> _Prompt_
Your task is to repeat exactly the lines below between the line holding "rewrite subrr mul0r" and the line holding "have [lam' [lam'_ge0", inclusive, and only those.

> _Study material_
Lemma convex_cross_le a b : C a -> C b -> h a < 0 -> f b < 0 ->
  f b * h a <= f a * h b.
Proof.
move=> Ca Cb ha fb; rewrite leNgt; apply/negP => H.
have [t [t01 [Ht1 Ht2]]] := segment_both_neg ha (h_ge0 Cb fb) fb (f_ge0 Ca ha) H.
apply: (not_both_neg (C_closed t01 Cb Ca)); split.
- exact: le_lt_trans (h_convex t01 Cb Ca) Ht1.
- exact: le_lt_trans (f_convex t01 Cb Ca) Ht2.
Qed.

(* Any [r] between the ratios [- f q / h q] (for [f q < 0]) and [f p / - h p]
   (for [h p < 0]) works; the cross inequality puts the former below the latter. *)
Lemma convex_ratio_bound a b : C a -> h a < 0 -> C b -> f b < 0 ->
  exists2 r, 0 <= r & forall p, C p -> 0 <= r * h p + f p.
Proof.
move=> Ca ha Cb fb.
have h_gt0 p : C p -> f p < 0 -> 0 < h p.
  move=> Cp fp; have := convex_cross_le Ca Cp ha fp.
  have := f_ge0 Ca ha; have := h_ge0 Cp fp; nra.
have ratio_le p q : C p -> h p < 0 -> C q -> f q < 0 -> - f q / h q <= f p / - h p.
  move=> Cp hp Cq fq; have hq := h_gt0 q Cq fq.
  rewrite ler_pdivrMr // mulrAC ler_pdivlMr ?oppr_gt0 //.
  have := convex_cross_le Cp Cq hp fq; nra.
pose S := [set x : R | exists p, [/\ C p, f p < 0 & x = - f p / h p]]%classic.
have S_sup : has_sup S.
  split; first by exists (- f b / h b), b.
  by exists (f a / - h a) => _ [q [Cq fq ->]]; exact: ratio_le.
have le_supS p : C p -> f p < 0 -> - f p / h p <= sup S.
  by move=> Cp fp; apply: ub_le_sup S_sup.2 _ _; exists p.
have supS_ge0 : 0 <= sup S.
  by apply: le_trans (le_supS b Cb fb); rewrite divr_ge0 ?oppr_ge0 ?ltW ?h_gt0.
exists (sup S) => // p Cp; have [fp|fp] := ltP (f p) 0.
  have hp := h_gt0 p Cp fp; have := le_supS p Cp fp.
  by rewrite ler_pdivrMr // => ?; nra.
have [hp|hp] := ltP (h p) 0; last by rewrite addr_ge0 // mulr_ge0.
have : sup S <= f p / - h p.
  by apply: ge_sup => [|_ [q [Cq fq ->]]]; [exists (- f b / h b), b | exact: ratio_le].
by rewrite ler_pdivlMr ?oppr_gt0 // => ?; nra.
Qed.

Lemma convex_alternative2 :
  exists mu, 0 <= mu <= 1 /\ forall p, C p -> 0 <= mu * h p + (1 - mu) * f p.
Proof.
have [[a [Ca ha]]|no_a] := boolp.pselect (exists a, C a /\ h a < 0); last first.
  exists 1; split=> [|p Cp]; first by rewrite ler01 lexx.
  rewrite subrr mul0r addr0 mul1r leNgt; apply/negP => hp; apply: no_a; by exists p.
have [[b [Cb fb]]|no_b] := boolp.pselect (exists b, C b /\ f b < 0); last first.
  exists 0; split=> [|p Cp]; first by rewrite lexx ler01.
  rewrite subr0 mul0r add0r mul1r leNgt; apply/negP => fp; apply: no_b; by exists p.
have [r r0 Hr] := convex_ratio_bound Ca ha Cb fb.
exists (r / (1 + r)); split => [|p Cp].
  by rewrite divr_ge0 ?addr_ge0 //= ler_pdivrMr ?mul1r; lra.
have -> : r / (1 + r) * h p + (1 - r / (1 + r)) * f p = (r * h p + f p) / (1 + r).
  by field; lra.
by rewrite divr_ge0 ?Hr //; lra.
Qed.

End TwoFunctions.

Lemma convex_alternative_seq (I : eqType) (f : I -> T -> R) (i : I) (s : seq I)
    (C : T -> Prop) :
  uniq (i :: s) -> mix_closed C -> (forall j, mix_convex C (f j)) ->
  (forall p, C p -> ~ (forall j, j \in i :: s -> f j p < 0)) ->
  exists lam : I -> R, (forall j, 0 <= lam j) /\ \sum_(j <- i :: s) lam j = 1 /\
    forall p, C p -> 0 <= \sum_(j <- i :: s) lam j * f j p.
Proof.
elim: s i C => [|j s IH] i C uniq_s C_closed f_convex not_all_neg.
  exists (fun k => (k == i)%:R); split=> [k|]; first by rewrite ler0n.
  rewrite big_seq1 eqxx; split=> // p Cp; rewrite big_seq1 eqxx mul1r leNgt.
  by apply/negP => fp; apply: (not_all_neg p Cp) => k; rewrite inE => /eqP ->.
(* Induction on the restriction of [C] to [f i < 0], then the two-function
   case combines [f i] with the combination found there. *)
case/andP: uniq_s => i_notin uniq_s.
pose C' p := C p /\ f i p < 0.
have C'_closed : mix_closed C'.
  move=> l p q l01 [Cp fp] [Cq fq]; split; first exact: C_closed.
  apply: le_lt_trans (f_convex i l p q l01 Cp Cq) _.
  by case/andP: l01 => l0 l1; nra.
have [lam' [lam'_ge0 [lam'_sum lam'_C']]] : exists lam' : I -> R,
    (forall k, 0 <= lam' k) /\ \sum_(k <- j :: s) lam' k = 1 /\
    forall p, C' p -> 0 <= \sum_(k <- j :: s) lam' k * f k p.
  apply: (IH j C' uniq_s C'_closed) => [k l p q l01 [Cp _] [Cq _]|p [Cp fp] Hneg].
    exact: f_convex.
  apply: (not_all_neg p Cp) => k.
  by rewrite inE => /predU1P[-> //|]; exact: Hneg.
pose h p := \sum_(k <- j :: s) lam' k * f k p.
have h_convex : mix_convex C h by exact: mix_convex_sum.
have not_both_neg p : C p -> ~ (h p < 0 /\ f i p < 0).
  by move=> Cp [hp fp]; have := lam'_C' p (conj Cp fp); rewrite leNgt hp.
have [mu [/andP[mu0 mu1] Hmu]] :=
  convex_alternative2 C_closed h_convex (f_convex i) not_both_neg.
pose lam k := if k == i then 1 - mu else mu * lam' k.
have lam_cons (F : I -> R) : \sum_(k <- i :: j :: s) lam k * F k =
    (1 - mu) * F i + mu * \sum_(k <- j :: s) lam' k * F k.
  rewrite big_cons /lam eqxx mulr_sumr; congr (_ + _).
  apply: eq_big_seq => k ks; rewrite ifN ?mulrA //.
  by apply: contraNneq i_notin => <-.
exists lam; split=> [k|]; first by rewrite /lam; case: ifP => _; rewrite ?subr_ge0 ?mulr_ge0.
split=> [|p Cp]; last by rewrite lam_cons addrC; apply: Hmu.
transitivity (\sum_(k <- i :: j :: s) lam k * 1); first by apply: eq_bigr => k _; rewrite mulr1.
by rewrite lam_cons mulr1 (eq_bigr _ (fun k _ => mulr1 (lam' k))) lam'_sum mulr1 subrK.
Qed.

> _Output_
  rewrite subrr mul0r addr0 mul1r leNgt; apply/negP => hp; apply: no_a; by exists p.
have [[b [Cb fb]]|no_b] := boolp.pselect (exists b, C b /\ f b < 0); last first.
  exists 0; split=> [|p Cp]; first by rewrite lexx ler01.
  rewrite subr0 mul0r add0r mul1r leNgt; apply/negP => fp; apply: no_b; by exists p.
have [r r0 Hr] := convex_ratio_bound Ca ha Cb fb.
exists (r / (1 + r)); split => [|p Cp].
  by rewrite divr_ge0 ?addr_ge0 //= ler_pdivrMr ?mul1r; lra.
have -> : r / (1 + r) * h p + (1 - r / (1 + r)) * f p = (r * h p + f p) / (1 + r).
  by field; lra.
by rewrite divr_ge0 ?Hr //; lra.
Qed.

End TwoFunctions.

Lemma convex_alternative_seq (I : eqType) (f : I -> T -> R) (i : I) (s : seq I)
    (C : T -> Prop) :
  uniq (i :: s) -> mix_closed C -> (forall j, mix_convex C (f j)) ->
  (forall p, C p -> ~ (forall j, j \in i :: s -> f j p < 0)) ->
  exists lam : I -> R, (forall j, 0 <= lam j) /\ \sum_(j <- i :: s) lam j = 1 /\
    forall p, C p -> 0 <= \sum_(j <- i :: s) lam j * f j p.
Proof.
elim: s i C => [|j s IH] i C uniq_s C_closed f_convex not_all_neg.
  exists (fun k => (k == i)%:R); split=> [k|]; first by rewrite ler0n.
  rewrite big_seq1 eqxx; split=> // p Cp; rewrite big_seq1 eqxx mul1r leNgt.
  by apply/negP => fp; apply: (not_all_neg p Cp) => k; rewrite inE => /eqP ->.
(* Induction on the restriction of [C] to [f i < 0], then the two-function
   case combines [f i] with the combination found there. *)
case/andP: uniq_s => i_notin uniq_s.
pose C' p := C p /\ f i p < 0.
have C'_closed : mix_closed C'.
  move=> l p q l01 [Cp fp] [Cq fq]; split; first exact: C_closed.
  apply: le_lt_trans (f_convex i l p q l01 Cp Cq) _.
  by case/andP: l01 => l0 l1; nra.
have [lam' [lam'_ge0 [lam'_sum lam'_C']]] : exists lam' : I -> R,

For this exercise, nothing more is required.